Each line of the listing that contains the word "onto" is to be copied.

- [Task input]:

□ □ □ □ □

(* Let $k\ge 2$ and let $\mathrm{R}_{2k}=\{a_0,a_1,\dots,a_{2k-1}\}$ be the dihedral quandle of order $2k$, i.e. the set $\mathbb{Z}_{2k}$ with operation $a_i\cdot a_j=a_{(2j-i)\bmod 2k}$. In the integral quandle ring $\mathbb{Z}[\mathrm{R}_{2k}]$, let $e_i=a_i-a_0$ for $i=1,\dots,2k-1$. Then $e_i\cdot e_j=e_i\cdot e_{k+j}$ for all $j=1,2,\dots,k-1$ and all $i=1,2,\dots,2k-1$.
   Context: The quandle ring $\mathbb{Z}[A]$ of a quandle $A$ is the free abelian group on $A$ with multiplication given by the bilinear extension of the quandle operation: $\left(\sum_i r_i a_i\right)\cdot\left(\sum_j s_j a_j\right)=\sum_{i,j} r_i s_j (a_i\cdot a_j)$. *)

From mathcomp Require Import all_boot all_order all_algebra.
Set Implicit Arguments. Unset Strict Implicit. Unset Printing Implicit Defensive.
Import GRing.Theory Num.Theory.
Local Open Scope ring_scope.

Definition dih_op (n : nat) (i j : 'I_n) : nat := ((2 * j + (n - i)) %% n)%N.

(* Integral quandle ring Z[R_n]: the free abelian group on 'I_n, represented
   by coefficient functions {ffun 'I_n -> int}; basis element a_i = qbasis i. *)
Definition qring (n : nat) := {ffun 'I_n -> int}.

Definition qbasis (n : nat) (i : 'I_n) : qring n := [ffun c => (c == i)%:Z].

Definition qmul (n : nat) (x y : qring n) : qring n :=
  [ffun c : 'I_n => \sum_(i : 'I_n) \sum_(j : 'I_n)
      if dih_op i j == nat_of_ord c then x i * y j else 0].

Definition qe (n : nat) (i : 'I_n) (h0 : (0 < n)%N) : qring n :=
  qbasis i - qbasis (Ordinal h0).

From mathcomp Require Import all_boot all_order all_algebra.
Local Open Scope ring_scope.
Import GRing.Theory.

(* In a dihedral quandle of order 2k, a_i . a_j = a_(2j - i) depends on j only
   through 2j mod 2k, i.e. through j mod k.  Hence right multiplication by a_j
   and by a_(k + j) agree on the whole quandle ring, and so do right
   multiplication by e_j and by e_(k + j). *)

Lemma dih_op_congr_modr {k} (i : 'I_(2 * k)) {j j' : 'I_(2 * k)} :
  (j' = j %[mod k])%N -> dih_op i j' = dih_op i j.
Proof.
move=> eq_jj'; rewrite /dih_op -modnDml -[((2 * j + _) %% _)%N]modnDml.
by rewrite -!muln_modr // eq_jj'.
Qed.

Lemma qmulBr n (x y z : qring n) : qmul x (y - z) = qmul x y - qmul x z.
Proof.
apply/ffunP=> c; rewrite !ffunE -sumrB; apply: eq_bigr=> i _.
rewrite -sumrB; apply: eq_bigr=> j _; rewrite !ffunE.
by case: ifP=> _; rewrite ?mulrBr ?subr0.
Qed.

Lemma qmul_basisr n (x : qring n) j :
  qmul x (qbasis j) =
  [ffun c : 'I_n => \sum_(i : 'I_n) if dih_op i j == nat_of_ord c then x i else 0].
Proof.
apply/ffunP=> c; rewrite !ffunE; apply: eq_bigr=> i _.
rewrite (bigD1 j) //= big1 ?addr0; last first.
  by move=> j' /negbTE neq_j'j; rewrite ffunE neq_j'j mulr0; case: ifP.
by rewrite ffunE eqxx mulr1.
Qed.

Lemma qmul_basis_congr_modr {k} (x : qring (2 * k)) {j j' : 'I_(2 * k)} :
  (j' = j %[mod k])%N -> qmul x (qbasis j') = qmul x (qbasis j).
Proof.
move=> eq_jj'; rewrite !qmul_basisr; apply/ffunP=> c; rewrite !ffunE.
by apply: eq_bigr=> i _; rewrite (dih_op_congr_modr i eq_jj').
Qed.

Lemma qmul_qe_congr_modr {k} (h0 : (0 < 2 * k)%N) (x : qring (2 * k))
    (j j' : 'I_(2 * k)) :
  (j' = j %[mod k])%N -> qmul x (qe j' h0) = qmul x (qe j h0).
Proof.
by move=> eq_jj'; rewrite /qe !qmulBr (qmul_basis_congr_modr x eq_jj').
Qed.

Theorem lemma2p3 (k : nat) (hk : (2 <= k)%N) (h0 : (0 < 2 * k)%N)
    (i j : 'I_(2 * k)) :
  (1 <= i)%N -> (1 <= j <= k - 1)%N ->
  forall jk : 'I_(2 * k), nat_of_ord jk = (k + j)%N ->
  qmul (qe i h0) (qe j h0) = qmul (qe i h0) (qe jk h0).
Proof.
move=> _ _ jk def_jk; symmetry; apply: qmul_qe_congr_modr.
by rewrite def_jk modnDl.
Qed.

□ □ □ □ □

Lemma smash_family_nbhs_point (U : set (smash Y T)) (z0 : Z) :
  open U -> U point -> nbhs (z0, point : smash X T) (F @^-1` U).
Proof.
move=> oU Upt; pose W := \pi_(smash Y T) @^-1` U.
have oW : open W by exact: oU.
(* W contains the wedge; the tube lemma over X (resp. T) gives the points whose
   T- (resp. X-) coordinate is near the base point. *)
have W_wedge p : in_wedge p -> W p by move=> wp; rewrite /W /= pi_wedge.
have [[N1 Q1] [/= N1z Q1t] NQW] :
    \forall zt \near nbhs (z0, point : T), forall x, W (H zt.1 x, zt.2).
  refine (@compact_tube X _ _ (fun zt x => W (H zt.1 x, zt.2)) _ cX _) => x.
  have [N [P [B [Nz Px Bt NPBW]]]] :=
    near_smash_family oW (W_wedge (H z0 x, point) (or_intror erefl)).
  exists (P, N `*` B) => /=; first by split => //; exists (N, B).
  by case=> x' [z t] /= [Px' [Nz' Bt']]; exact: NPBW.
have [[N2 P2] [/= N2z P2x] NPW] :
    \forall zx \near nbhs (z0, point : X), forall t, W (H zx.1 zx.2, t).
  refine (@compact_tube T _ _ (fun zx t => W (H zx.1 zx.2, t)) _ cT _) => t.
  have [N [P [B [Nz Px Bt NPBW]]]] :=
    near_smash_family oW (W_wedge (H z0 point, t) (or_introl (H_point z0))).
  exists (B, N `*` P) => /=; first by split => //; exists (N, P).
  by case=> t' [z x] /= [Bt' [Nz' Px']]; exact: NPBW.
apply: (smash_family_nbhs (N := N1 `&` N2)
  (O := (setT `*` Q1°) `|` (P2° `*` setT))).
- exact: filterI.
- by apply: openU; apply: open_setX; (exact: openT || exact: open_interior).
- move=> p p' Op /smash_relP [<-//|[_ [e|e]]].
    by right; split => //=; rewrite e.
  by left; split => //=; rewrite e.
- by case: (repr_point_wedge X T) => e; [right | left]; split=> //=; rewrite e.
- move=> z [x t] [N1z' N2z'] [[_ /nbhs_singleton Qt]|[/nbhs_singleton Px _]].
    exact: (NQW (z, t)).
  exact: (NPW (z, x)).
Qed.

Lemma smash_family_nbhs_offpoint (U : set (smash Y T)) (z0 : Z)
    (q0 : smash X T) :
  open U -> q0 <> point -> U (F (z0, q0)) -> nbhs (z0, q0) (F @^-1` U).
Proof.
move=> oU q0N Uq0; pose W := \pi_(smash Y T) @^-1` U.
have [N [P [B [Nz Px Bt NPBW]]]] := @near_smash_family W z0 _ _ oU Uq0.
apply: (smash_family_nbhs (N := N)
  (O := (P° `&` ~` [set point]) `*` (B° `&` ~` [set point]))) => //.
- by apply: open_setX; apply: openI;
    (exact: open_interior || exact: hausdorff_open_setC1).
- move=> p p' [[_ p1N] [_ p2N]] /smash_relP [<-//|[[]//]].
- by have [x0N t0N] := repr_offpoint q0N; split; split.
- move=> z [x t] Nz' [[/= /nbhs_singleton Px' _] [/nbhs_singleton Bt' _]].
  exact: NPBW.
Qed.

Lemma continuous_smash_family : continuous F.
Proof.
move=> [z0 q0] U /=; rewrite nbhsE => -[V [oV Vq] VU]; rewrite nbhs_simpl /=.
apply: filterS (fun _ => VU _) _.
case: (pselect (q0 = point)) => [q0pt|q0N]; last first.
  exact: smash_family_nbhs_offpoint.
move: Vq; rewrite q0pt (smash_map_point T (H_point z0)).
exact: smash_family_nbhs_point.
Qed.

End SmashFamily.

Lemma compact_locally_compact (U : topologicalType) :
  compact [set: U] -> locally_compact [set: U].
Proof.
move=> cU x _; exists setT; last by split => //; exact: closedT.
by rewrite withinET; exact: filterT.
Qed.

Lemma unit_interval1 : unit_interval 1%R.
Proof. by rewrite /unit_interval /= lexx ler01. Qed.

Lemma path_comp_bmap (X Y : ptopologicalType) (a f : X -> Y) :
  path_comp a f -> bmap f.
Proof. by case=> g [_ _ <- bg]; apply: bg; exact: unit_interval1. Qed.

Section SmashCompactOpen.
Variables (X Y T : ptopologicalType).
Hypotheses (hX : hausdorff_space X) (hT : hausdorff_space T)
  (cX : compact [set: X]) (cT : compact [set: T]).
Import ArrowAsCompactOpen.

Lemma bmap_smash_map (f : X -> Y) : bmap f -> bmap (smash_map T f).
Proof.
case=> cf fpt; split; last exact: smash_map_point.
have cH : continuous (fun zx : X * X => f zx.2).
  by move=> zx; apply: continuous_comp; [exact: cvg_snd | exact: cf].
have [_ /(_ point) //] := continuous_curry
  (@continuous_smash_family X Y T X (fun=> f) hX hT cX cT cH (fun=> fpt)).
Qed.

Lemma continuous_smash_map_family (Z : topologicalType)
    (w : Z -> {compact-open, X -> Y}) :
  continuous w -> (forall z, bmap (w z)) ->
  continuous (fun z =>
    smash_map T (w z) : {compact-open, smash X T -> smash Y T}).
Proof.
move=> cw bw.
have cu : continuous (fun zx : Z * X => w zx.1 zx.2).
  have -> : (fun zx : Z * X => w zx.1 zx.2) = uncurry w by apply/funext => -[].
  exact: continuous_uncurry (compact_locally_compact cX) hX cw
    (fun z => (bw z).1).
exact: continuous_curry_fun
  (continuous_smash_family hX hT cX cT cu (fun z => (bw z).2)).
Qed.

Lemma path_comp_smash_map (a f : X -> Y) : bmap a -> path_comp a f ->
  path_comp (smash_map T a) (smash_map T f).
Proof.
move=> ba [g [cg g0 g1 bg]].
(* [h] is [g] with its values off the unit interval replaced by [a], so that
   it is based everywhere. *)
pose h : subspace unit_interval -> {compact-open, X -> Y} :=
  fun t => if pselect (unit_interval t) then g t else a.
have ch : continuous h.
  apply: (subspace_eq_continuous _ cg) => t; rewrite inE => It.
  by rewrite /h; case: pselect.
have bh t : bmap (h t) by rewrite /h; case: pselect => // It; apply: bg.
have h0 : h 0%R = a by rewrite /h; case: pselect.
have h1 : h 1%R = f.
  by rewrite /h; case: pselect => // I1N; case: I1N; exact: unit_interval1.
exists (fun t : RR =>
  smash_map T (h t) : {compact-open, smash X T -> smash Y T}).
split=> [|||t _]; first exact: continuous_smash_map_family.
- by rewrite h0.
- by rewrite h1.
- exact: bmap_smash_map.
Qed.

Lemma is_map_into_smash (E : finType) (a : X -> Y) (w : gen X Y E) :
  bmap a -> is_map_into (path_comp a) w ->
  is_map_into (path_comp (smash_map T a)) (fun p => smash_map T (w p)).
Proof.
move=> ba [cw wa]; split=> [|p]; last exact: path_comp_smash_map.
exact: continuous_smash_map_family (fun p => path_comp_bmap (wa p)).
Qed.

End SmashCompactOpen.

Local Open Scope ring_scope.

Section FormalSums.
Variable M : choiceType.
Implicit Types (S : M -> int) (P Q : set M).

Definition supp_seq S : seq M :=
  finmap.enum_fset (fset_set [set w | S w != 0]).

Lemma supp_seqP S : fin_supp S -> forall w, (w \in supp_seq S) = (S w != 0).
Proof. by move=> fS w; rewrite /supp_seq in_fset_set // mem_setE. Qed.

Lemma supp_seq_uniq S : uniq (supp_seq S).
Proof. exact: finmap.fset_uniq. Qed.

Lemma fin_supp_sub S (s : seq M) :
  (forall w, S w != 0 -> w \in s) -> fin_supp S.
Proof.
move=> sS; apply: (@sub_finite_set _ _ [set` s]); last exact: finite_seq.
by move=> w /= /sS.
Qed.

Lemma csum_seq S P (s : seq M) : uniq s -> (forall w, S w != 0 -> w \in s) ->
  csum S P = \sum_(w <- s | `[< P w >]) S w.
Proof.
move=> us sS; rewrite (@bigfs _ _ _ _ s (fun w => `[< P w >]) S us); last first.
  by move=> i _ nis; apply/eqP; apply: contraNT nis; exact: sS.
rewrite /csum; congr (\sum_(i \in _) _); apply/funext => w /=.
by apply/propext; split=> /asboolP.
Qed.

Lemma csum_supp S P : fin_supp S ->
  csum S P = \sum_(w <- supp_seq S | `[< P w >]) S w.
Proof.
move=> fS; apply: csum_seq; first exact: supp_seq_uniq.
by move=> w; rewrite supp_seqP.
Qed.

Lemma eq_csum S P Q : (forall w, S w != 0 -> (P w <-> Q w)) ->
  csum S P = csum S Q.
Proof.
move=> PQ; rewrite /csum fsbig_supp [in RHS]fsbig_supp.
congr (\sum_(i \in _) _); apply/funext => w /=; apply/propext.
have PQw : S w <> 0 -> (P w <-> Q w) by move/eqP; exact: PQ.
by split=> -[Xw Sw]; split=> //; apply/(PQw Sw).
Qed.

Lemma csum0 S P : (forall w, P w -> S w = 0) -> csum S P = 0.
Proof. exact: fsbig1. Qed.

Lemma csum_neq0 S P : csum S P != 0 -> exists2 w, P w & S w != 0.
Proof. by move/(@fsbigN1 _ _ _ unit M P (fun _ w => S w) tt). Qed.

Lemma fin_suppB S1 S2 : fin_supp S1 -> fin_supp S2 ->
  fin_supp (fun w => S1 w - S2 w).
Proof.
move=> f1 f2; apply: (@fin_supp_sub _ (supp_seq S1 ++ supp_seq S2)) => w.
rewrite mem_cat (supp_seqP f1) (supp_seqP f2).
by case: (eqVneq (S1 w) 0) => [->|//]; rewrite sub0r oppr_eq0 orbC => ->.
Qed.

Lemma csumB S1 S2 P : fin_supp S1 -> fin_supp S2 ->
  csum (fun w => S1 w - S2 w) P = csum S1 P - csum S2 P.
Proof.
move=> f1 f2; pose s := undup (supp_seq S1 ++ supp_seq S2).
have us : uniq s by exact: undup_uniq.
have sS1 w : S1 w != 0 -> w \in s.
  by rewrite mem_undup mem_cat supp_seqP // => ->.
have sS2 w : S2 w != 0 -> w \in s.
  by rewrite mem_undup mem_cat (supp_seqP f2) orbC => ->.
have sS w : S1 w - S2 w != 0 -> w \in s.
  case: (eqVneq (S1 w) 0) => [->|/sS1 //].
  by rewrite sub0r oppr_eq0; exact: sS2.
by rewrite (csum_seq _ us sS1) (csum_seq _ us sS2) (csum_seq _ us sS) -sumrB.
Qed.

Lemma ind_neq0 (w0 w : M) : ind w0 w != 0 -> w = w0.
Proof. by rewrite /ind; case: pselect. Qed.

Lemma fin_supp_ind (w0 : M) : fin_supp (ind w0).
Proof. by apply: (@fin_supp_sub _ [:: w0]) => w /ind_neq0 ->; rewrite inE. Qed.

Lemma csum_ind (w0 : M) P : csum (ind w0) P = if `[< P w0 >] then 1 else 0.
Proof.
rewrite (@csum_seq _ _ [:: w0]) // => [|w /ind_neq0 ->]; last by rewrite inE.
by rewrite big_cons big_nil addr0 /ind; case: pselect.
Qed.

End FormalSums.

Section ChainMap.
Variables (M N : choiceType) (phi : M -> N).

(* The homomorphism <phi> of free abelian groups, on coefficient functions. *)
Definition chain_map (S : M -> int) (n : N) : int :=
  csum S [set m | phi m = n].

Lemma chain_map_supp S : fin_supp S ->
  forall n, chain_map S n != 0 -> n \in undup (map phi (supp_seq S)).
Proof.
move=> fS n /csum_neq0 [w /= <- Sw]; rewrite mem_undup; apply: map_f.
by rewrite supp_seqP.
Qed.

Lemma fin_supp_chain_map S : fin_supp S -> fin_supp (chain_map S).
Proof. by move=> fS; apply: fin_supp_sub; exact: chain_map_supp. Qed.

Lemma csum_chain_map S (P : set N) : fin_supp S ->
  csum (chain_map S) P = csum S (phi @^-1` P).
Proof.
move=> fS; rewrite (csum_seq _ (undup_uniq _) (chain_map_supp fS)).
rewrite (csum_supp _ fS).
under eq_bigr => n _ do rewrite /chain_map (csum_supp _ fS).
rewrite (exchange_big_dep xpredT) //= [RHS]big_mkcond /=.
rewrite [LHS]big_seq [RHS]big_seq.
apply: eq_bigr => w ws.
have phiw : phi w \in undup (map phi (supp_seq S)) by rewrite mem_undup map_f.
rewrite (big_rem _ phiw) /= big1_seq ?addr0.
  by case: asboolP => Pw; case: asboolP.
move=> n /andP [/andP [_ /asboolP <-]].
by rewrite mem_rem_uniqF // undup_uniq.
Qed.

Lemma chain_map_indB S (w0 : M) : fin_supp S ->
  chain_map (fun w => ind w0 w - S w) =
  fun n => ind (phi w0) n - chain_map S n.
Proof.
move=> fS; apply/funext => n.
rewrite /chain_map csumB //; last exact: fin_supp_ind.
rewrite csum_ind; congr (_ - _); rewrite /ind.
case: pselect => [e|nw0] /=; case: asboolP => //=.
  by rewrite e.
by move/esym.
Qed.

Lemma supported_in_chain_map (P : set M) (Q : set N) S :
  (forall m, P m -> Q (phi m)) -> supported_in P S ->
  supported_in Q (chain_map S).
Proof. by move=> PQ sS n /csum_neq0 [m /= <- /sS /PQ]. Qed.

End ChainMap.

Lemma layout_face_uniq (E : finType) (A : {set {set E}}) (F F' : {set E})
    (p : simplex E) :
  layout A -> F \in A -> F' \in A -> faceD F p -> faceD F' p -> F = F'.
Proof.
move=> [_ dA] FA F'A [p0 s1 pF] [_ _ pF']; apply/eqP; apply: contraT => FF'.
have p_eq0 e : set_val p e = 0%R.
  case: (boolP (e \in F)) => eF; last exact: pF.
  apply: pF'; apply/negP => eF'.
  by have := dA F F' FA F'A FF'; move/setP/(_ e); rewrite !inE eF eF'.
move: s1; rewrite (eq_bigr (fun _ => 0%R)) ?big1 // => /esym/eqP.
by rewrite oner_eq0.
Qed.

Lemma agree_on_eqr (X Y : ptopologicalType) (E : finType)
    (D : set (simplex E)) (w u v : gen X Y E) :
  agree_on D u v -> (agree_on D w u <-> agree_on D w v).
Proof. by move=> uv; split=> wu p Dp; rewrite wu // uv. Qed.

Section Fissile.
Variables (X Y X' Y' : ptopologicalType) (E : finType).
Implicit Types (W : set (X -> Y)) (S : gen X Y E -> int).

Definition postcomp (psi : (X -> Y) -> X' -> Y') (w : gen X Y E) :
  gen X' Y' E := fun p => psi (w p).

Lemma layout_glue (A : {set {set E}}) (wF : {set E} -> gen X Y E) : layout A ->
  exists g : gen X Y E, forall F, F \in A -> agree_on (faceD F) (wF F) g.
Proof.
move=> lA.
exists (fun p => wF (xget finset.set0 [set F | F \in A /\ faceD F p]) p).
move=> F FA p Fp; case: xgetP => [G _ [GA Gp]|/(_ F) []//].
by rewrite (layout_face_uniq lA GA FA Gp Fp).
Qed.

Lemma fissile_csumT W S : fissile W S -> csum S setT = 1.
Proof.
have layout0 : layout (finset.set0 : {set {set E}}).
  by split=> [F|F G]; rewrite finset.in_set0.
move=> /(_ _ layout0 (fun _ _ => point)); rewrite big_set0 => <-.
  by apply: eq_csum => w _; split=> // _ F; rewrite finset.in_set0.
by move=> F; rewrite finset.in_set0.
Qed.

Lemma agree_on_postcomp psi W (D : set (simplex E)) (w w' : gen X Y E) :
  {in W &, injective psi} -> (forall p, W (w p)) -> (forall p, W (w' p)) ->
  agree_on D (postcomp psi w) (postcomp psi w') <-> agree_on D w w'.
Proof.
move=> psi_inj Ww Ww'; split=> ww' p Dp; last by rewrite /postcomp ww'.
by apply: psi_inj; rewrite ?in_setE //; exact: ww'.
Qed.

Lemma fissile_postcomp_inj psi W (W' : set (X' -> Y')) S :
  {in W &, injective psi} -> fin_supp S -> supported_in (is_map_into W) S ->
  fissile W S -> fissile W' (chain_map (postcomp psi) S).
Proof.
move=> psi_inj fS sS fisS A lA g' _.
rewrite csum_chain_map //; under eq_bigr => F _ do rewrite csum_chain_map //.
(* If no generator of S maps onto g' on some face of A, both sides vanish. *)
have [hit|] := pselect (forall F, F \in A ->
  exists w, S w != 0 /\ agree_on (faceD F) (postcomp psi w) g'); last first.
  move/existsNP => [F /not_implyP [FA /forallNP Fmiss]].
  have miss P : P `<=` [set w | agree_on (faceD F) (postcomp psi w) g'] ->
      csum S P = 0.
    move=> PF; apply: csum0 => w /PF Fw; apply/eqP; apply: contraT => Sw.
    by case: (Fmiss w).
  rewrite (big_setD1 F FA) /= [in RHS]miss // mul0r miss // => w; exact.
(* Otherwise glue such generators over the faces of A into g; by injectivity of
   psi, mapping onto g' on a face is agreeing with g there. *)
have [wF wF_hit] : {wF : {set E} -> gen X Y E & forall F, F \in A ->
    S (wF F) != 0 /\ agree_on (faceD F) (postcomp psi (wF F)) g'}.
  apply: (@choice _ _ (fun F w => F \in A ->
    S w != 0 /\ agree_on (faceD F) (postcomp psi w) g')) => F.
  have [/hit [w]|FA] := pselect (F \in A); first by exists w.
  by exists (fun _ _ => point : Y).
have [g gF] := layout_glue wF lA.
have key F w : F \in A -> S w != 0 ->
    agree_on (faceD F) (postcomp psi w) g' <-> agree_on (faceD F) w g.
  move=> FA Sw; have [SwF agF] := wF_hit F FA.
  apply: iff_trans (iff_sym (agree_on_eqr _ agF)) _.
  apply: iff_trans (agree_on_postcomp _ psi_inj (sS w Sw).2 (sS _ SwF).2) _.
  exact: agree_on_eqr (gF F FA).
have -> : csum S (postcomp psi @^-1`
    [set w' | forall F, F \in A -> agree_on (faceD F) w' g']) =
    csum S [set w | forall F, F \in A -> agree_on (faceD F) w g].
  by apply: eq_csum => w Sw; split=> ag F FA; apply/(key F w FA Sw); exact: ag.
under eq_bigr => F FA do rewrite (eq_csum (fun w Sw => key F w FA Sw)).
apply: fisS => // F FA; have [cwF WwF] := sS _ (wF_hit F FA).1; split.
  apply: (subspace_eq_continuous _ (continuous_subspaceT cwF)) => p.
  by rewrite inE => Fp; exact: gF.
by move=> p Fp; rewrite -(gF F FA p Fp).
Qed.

□ □ □ □ □

- [Exercise response]:
(* If no generator of S maps onto g' on some face of A, both sides vanish. *)
   psi, mapping onto g' on a face is agreeing with g there. *)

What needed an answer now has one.